Nature de la protection consulaire
Dès qu'il est informé de l'arrestation d'un Français par les autorités locales, le Consul sollicite auprès de celles-ci l'autorisation de lui rendre visite et s'assure ainsi que les lois locales en matière de protection des prisonniers et des droits de la défense sont appliquées (durée de la garde à vue par exemple). Il s'assure également des conditions matérielles de détention et d'accès aux soins médicaux en cas de besoin. Pendant la durée de l'arrestation le consul pourra, si le Français arrêté le souhaite, venir lui rendre visite et, sous réserve des règles pénitentiaires applicables localement, facilitera l'acheminement d'argent, d'effets personnels (limités) que ses proches souhaiteraient lui faire parvenir, ainsi que le traitement médical et les médicaments que pourrait requérir son état de santé. Les informations communiquées aux services consulaires concernant la situation des Français arrêtés ont un caractère confidentiel, conformément à la loi sur la protection de la vie privée. Si le Français arrêté le souhaite - et seulement dans ce cas - le Consul fera prévenir sa famille en France de sa situation.

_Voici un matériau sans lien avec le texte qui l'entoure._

(* Let $m\le k\le n$ be positive integers, $\mathbf a_1,\dots,\mathbf a_n\in\mathbb R^m$. For a multiset $\mathcal R$ with support in $[n]$ let $f(\mathcal R)=[\det(\sum_{i\in\mathcal R}\mathbf a_i\mathbf a_i^\top)]^{1/m}$ (sum with multiplicity), and let $w^*=\max\{[\det(\sum_{i\in[n]}x_i\mathbf a_i\mathbf a_i^\top)]^{1/m}:\sum_ix_i=k,\ \mathbf x\in\mathbb Z_+^n\}$ be the optimal value of the $D$-optimal design problem with repetitions. Let $\hat{\mathbf x}\in\mathbb Q_+^n$ be a rational optimal solution of the relaxation $\max\{[\det(\sum_{i\in[n]}x_i\mathbf a_i\mathbf a_i^\top)]^{1/m}:\sum_ix_i=k,\ \mathbf x\in\mathbb R_+^n\}$. Let $\mathcal S$ be the random multiset obtained by $k$ independent draws from $[n]$, each equal to $i$ with probability $\hat x_i/k$. Let $q$ be a positive integer with $q\hat x_i\in\mathbb Z_+$ for all $i$, let $\mathcal A_q$ be a collection of $qk$ distinct items of which exactly $q\hat x_i$ carry label $i$, choose a uniformly random $k$-element subset of $\mathcal A_q$, and let $\mathcal S_q$ be the multiset of labels of the chosen items. Then $$\big(\mathbb E[(f(\mathcal S_q))^m]\big)^{1/m}\ge\big(\mathbb E[(f(\mathcal S))^m]\big)^{1/m}\ge g(m,k)^{-1}w^*,$$ where $$g(m,k)=\Big[\frac{(k-m)!\,k^m}{k!}\Big]^{1/m}\le\min\Big\{e,\ \frac{k}{k-m+1}\Big\}.$$
   Context: $[n]=\{1,\dots,n\}$, $\mathbb Q_+$ the nonnegative rationals, $\mathbb Z_+$ the nonnegative integers, $\mathbb R_+$ the nonnegative reals. *)

From HB Require Import structures.
From mathcomp Require Import all_boot all_order all_algebra.
From mathcomp Require Import reals exp sequences.
Set Implicit Arguments. Unset Strict Implicit. Unset Printing Implicit Defensive.
Import Order.TTheory GRing.Theory Num.Theory.
Local Open Scope ring_scope.

Section Defs.
Variables (R : realType) (m n : nat).

Definition outer (v : 'cV[R]_m) : 'M[R]_m := v *m v^T.

(* f(R) = [det (sum_{i in R} a_i a_i^T)]^{1/m}, R a multiset given as a seq (with multiplicity) *)
Definition fdet (a : 'I_n -> 'cV[R]_m) (s : seq 'I_n) : R :=
  powR (\det (\sum_(i <- s) outer (a i))) (m%:R^-1).

Definition design_obj (a : 'I_n -> 'cV[R]_m) (x : 'I_n -> R) : R :=
  powR (\det (\sum_(i < n) x i *: outer (a i))) (m%:R^-1).

(* w^* : maximum of the objective over x in Z_+^n with sum_i x_i = k
   (each coordinate then lies in {0..k}); the objective is >= 0, so the
   big max with default 0 is the true maximum. *)
Definition wstar (a : 'I_n -> 'cV[R]_m) (k : nat) : R :=
  \big[Num.max/0]_(x : {ffun 'I_n -> 'I_k.+1} | (\sum_i (x i : nat) == k)%N)
     design_obj a (fun i => (x i : nat)%:R).

(* E[(f(S))^m], S = k independent draws, each equal to i with prob xh_i / k *)
Definition E_indep (a : 'I_n -> 'cV[R]_m) (k : nat) (xh : 'I_n -> R) : R :=
  \sum_(s : {ffun 'I_k -> 'I_n})
     (\prod_(j < k) (xh (s j) / k%:R)) * (fdet a [seq s j | j <- enum 'I_k]) ^+ m.

(* E[(f(S_q))^m], S_q = labels of a uniformly random k-subset of the qk items
   'I_(q*k) labelled by lab *)
Definition E_sub (a : 'I_n -> 'cV[R]_m) (k q : nat) (lab : 'I_(q * k) -> 'I_n) : R :=
  \sum_(T : {set 'I_(q * k)} | #|T| == k)
     ('C(q * k, k)%:R)^-1 * (fdet a [seq lab t | t <- enum T]) ^+ m.

Definition gmk (k : nat) : R :=
  powR (((k - m)`! * k ^ m)%:R / (k`!)%:R) (m%:R^-1).

End Defs.

From HB Require Import structures.
From mathcomp Require Import all_boot all_order all_algebra.
From mathcomp Require Import reals exp sequences.
From mathcomp Require Import fingroup perm zify ring.
Set Implicit Arguments. Unset Strict Implicit. Unset Printing Implicit Defensive.
Import Order.TTheory GRing.Theory Num.Theory.
Lemma chord_opposite_distinct (r : R) :
  r <> 0 ->
  ~ (chord_x n1 n2 al r = chord_x n1 n2 al (- r) /\ chord_y n1 n2 al r = chord_y n1 n2 al (- r)).
Proof.
  intros Hr [Ex Ey].
  assert (E : n2 * (chord_x n1 n2 al r - chord_x n1 n2 al (- r))
              - n1 * (chord_y n1 n2 al r - chord_y n1 n2 al (- r)) = - 2 * r)
    by (unfold chord_x, chord_y; field; exact n_nz).
  rewrite Ex, Ey in E; lra.
Qed.

Lemma on_line_chord (x y : R) :
  n1 * x + n2 * y = al ->
  x = chord_x n1 n2 al (n1 * y - n2 * x) /\ y = chord_y n1 n2 al (n1 * y - n2 * x).
Proof. intros <-; unfold chord_x, chord_y; split; field; exact n_nz. Qed.

Lemma unit_on_line_sq (x y : R) :
  x^2 + y^2 = 1 -> n1 * x + n2 * y = al -> (n1 * y - n2 * x)^2 = n1^2 + n2^2 - al^2.
Proof.
  intros Hu <-.
  replace (n1^2 + n2^2) with ((n1^2 + n2^2) * (x^2 + y^2)) at 1 by (rewrite Hu; ring).
  ring.
Qed.

Lemma unit_on_line_opposite (x y x' y' : R) :
  x^2 + y^2 = 1 -> n1 * x + n2 * y = al ->
  x'^2 + y'^2 = 1 -> n1 * x' + n2 * y' = al ->
  ~ (x = x' /\ y = y') -> n1 * y' - n2 * x' = - (n1 * y - n2 * x).
Proof.
  intros Hu Hl Hu' Hl' Hne.
  pose proof (unit_on_line_sq x y Hu Hl) as Hr; pose proof (unit_on_line_sq x' y' Hu' Hl') as Hr'.
  destruct (on_line_chord x y Hl) as [Ex Ey].
  destruct (on_line_chord x' y' Hl') as [Ex' Ey'].
  assert (Hsq : (n1 * y' - n2 * x' - (n1 * y - n2 * x))
                * (n1 * y' - n2 * x' + (n1 * y - n2 * x)) = 0) by nra.
  destruct (Rmult_integral _ _ Hsq) as [Heq | Hopp]; [| lra].
  exfalso; apply Hne.
  replace (n1 * y' - n2 * x') with (n1 * y - n2 * x) in Ex', Ey' by lra.
  split; congruence.
Qed.

End UnitChord.

Lemma unit_not_collinear (x1 y1 x2 y2 x3 y3 : R) :
  x1^2 + y1^2 = 1 -> x2^2 + y2^2 = 1 -> x3^2 + y3^2 = 1 ->
  ~ (x1 = x2 /\ y1 = y2) -> ~ (x1 = x3 /\ y1 = y3) -> ~ (x2 = x3 /\ y2 = y3) ->
  (x2 - x1) * (y3 - y1) - (y2 - y1) * (x3 - x1) <> 0.
Proof.
  intros H1 H2 H3 D12 D13 D23 Hcol.
  set (n1 := y1 - y2); set (n2 := x2 - x1); set (al := n1 * x1 + n2 * y1).
  assert (Hn : n1^2 + n2^2 <> 0).
  { enough (0 < n1^2 + n2^2) by lra.
    apply sum_sq_pos; intros [e e']; apply D12; unfold n1, n2 in *; split; lra. }
  assert (L1 : n1 * x1 + n2 * y1 = al) by reflexivity.
  assert (L2 : n1 * x2 + n2 * y2 = al) by (unfold al, n1, n2; ring).
  assert (L3 : n1 * x3 + n2 * y3 = al).
  { unfold al; apply Rminus_diag_uniq; rewrite <- Hcol; unfold n1, n2; ring. }
  pose proof (unit_on_line_opposite _ _ _ Hn _ _ _ _ H1 L1 H2 L2 D12) as O12.
  pose proof (unit_on_line_opposite _ _ _ Hn _ _ _ _ H1 L1 H3 L3 D13) as O13.
  pose proof (unit_on_line_opposite _ _ _ Hn _ _ _ _ H2 L2 H3 L3 D23) as O23.
  destruct (on_line_chord _ _ _ Hn _ _ L1) as [E1 F1].
  destruct (on_line_chord _ _ _ Hn _ _ L2) as [E2 F2].
  (* the three values n1 y - n2 x are pairwise opposite, hence all zero *)
  assert (Hr : n1 * y2 - n2 * x2 = n1 * y1 - n2 * x1) by lra.
  rewrite Hr in E2, F2; apply D12; split; congruence.
Qed.

Lemma bisector_equal_dots (n1 n2 e1 e2 f1 f2 : R) :
  e1^2 + e2^2 = 1 -> f1^2 + f2^2 = 1 ->
  n1 * e1 + n2 * e2 < 0 -> n1 * f1 + n2 * f2 < 0 ->
  cross n1 n2 (e1 + f1) (e2 + f2) = 0 -> n1 * e1 + n2 * e2 = n1 * f1 + n2 * f2.
Proof.
  unfold cross; intros He Hf Hde Hdf Hc.
  (* Lagrange's identity turns equal (up to sign) cross products into equal squared dots *)
  assert (Hsq : (n1 * e1 + n2 * e2)^2 = (n1 * f1 + n2 * f2)^2).
  { replace ((n1 * e1 + n2 * e2)^2) with ((n1^2 + n2^2) * (e1^2 + e2^2) - (n1 * e2 - n2 * e1)^2)
      by ring.
    replace ((n1 * f1 + n2 * f2)^2) with ((n1^2 + n2^2) * (f1^2 + f2^2) - (n1 * f2 - n2 * f1)^2)
      by ring.
    rewrite He, Hf; replace (n1 * f2 - n2 * f1) with (- (n1 * e2 - n2 * e1)) by lra; ring. }
  nra.
Qed.

Lemma equal_dots_bisector (n1 n2 e1 e2 f1 f2 : R) :
  n1^2 + n2^2 <> 0 -> e1^2 + e2^2 = 1 -> f1^2 + f2^2 = 1 -> ~ (e1 = f1 /\ e2 = f2) ->
  n1 * e1 + n2 * e2 = n1 * f1 + n2 * f2 -> cross n1 n2 (e1 + f1) (e2 + f2) = 0.
Proof.
  intros Hn He Hf Hne Hd; unfold cross.
  pose proof (unit_on_line_opposite _ _ _ Hn _ _ _ _ He eq_refl Hf (eq_sym Hd) Hne).
  lra.
Qed.

(* For P = (a c, b s) and P' = (a c', b s') on the ellipse, |PP'|^2 = chord_gap * chord_cogap,
   and chord_mu is the square of the component of the normal (c/a, s/b) at P along PP' / |PP'|. *)
Definition chord_gap (c s c' s' : R) : R := 1 - c * c' - s * s'.
Definition chord_cogap (a b c s c' s' : R) : R :=
  a^2 * (1 - c * c' + s * s') + b^2 * (1 + c * c' - s * s').
Definition chord_mu (a b c s c' s' : R) : R := chord_gap c s c' s' / chord_cogap a b c s c' s'.

Section EllipseChord.

Variables a b c s c' s' : R.
Hypotheses (a_nz : a <> 0) (b_nz : b <> 0).
Hypotheses (cs_unit : c^2 + s^2 = 1) (cs'_unit : c'^2 + s'^2 = 1).

Lemma chord_gap_pos : ~ (c = c' /\ s = s') -> 0 < chord_gap c s c' s'.
Proof.
  intro Hne.
  assert (0 < (c - c')^2 + (s - s')^2) by (apply sum_sq_pos; intros [e e']; apply Hne; lra).
  unfold chord_gap; nra.
Qed.

Lemma chord_cogap_pos : 0 < chord_cogap a b c s c' s'.
Proof.
  assert (Ht : (c * c' - s * s')^2 + (c * s' + s * c')^2 = 1)
    by (replace 1 with ((c^2 + s^2) * (c'^2 + s'^2)) by (rewrite cs_unit, cs'_unit; ring); ring).
  set (t := c * c' - s * s') in Ht.
  assert (Ht1 : -1 <= t <= 1) by (pose proof (pow2_ge_0 (c * s' + s * c')); split; nra).
  pose proof (sq_pos a a_nz); pose proof (sq_pos b b_nz).
  replace (chord_cogap a b c s c' s') with (a^2 * (1 - t) + b^2 * (1 + t))
    by (unfold chord_cogap, t; ring).
  destruct (Rle_dec t 0); nra.
Qed.

Lemma dist_ellipse_sq :
  Defs.dist (a * c', b * s') (a * c, b * s) ^ 2 = chord_gap c s c' s' * chord_cogap a b c s c' s'.
Proof.
  unfold Defs.dist; cbn [fst snd].
  rewrite pow2_sqrt
    by (pose proof (pow2_ge_0 (a * c' - a * c)); pose proof (pow2_ge_0 (b * s' - b * s)); lra).
  assert (E : (a * c' - a * c)^2 + (b * s' - b * s)^2
              - chord_gap c s c' s' * chord_cogap a b c s c' s'
              = (a^2 * s'^2 + b^2 * c'^2) * (c^2 + s^2 - 1)
                + (a^2 * (1 - c^2) + b^2 * (1 - s^2)) * (c'^2 + s'^2 - 1))
    by (unfold chord_gap, chord_cogap; ring).
  rewrite cs_unit, cs'_unit in E; lra.
Qed.

Hypothesis distinct : ~ (c = c' /\ s = s').

Local Notation d := (Defs.dist (a * c', b * s') (a * c, b * s)).

Lemma dist_ellipse_pos : 0 < d.
Proof.
  pose proof (chord_gap_pos distinct); pose proof chord_cogap_pos; pose proof dist_ellipse_sq.
  assert (0 <= d) by apply sqrt_pos.
  destruct (Req_dec d 0) as [Hd | Hd]; [rewrite Hd in *; nra | lra].
Qed.

Lemma ellipse_chord_dir_unit : ((a * c' - a * c) / d)^2 + ((b * s' - b * s) / d)^2 = 1.
Proof.
  pose proof dist_ellipse_pos.
  assert (Hd : d^2 = (a * c' - a * c)^2 + (b * s' - b * s)^2).
  { unfold d, Defs.dist; cbn [fst snd]; apply pow2_sqrt.
    pose proof (pow2_ge_0 (a * c' - a * c)); pose proof (pow2_ge_0 (b * s' - b * s)); lra. }
  transitivity (((a * c' - a * c)^2 + (b * s' - b * s)^2) / d^2);
    [field | rewrite <- Hd; field]; lra.
Qed.

Lemma ellipse_normal_dot_dir :
  (a * c / a^2) * ((a * c' - a * c) / d) + (b * s / b^2) * ((b * s' - b * s) / d)
  = - (chord_gap c s c' s' / d).
Proof.
  pose proof dist_ellipse_pos.
  transitivity ((c * c' + s * s' - (c^2 + s^2)) / d); [field; repeat split; lra |].
  rewrite cs_unit; unfold chord_gap; field; lra.
Qed.

Lemma chord_mu_sq : chord_mu a b c s c' s' = (chord_gap c s c' s' / d)^2.
Proof.
  pose proof dist_ellipse_pos; pose proof chord_cogap_pos; pose proof (chord_gap_pos distinct).
  unfold Rdiv; rewrite Rpow_mult_distr, pow_inv, dist_ellipse_sq; unfold chord_mu; field; lra.
Qed.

Le Consul peut fournir au Français arrêté une liste d'avocats, francophones dans la mesure du possible, pour lui prêter une assistance judiciaire et le défendre. Dans tous les cas les honoraires de l'avocat sont à la charge de la personne arrêtée (ou à celle de ses proches). Les Français ne pouvant ou ne souhaitant pas rétribuer un avocat, pourront solliciter des autorités judiciaires locales le concours d'un avocat commis d'office, si une telle possibilité existe dans le droit du pays d'arrestation. Dans la mesure du possible, un agent consulaire sera observateur aux audiences du procès, pour s'assurer que le Français arrêté est assisté, si nécessaire, d'un traducteur et que les droits de la défense sont respectés. Il ne peut cependant, en aucun cas, se substituer à un avocat pour assurer sa défense.
Si vous avez connaissance de l'arrestation à l'étranger d'un de vos proches de nationalité française, il est conseillé de prendre immédiatement contact avec le : Ministère des Affaires étrangères et européennes, Sous-direction de la Sécurité et de la Protection des Personnes.
Cette Sous-Direction vous conseillera sur les moyens d'aider votre proche, que ce soit pour lui envoyer de l'argent, des effets personnels, des médicaments, ou éventuellement pour lui rendre visite.
Retour en France
Le retour en France est la charge du Français arrêté (ou à celle de ses proches). Le consulat pourra communiquer les coordonnées d'associations susceptibles d'aider à la réinsertion en France.
Transfèrement
Lorsqu'il existe une convention de transfèrement de détenus entre l'Etat de condamnation et la France, les Français détenus à l'étranger peuvent présenter une demande de transfèrement auprès de l'Administration pénitentiaire de l'Etat dans lequel ils sont détenus en vue de finir d'exécuter leur peine en France. Il leur revient d'en informer le consul. En tout état de cause, le transfèrement ne peut avoir lieu qu'à certaines conditions, notamment que le jugement soit définitif, que le détenu se soit acquitté de ses obligations pécuniaires (amendes ...) dans l'Etat de condamnation, que les actes qui ont donné lieu à la condamnation dans le pays étranger constituent une infraction au regard de la législation française et que les autorités étrangères et françaises se soient mises d'accord sur le transfèrement.
Dans tous les cas, il convient de s'informer auprès de l'ambassade ou du consulat le plus proche des mesures prévues pour la sécurité de la communauté française.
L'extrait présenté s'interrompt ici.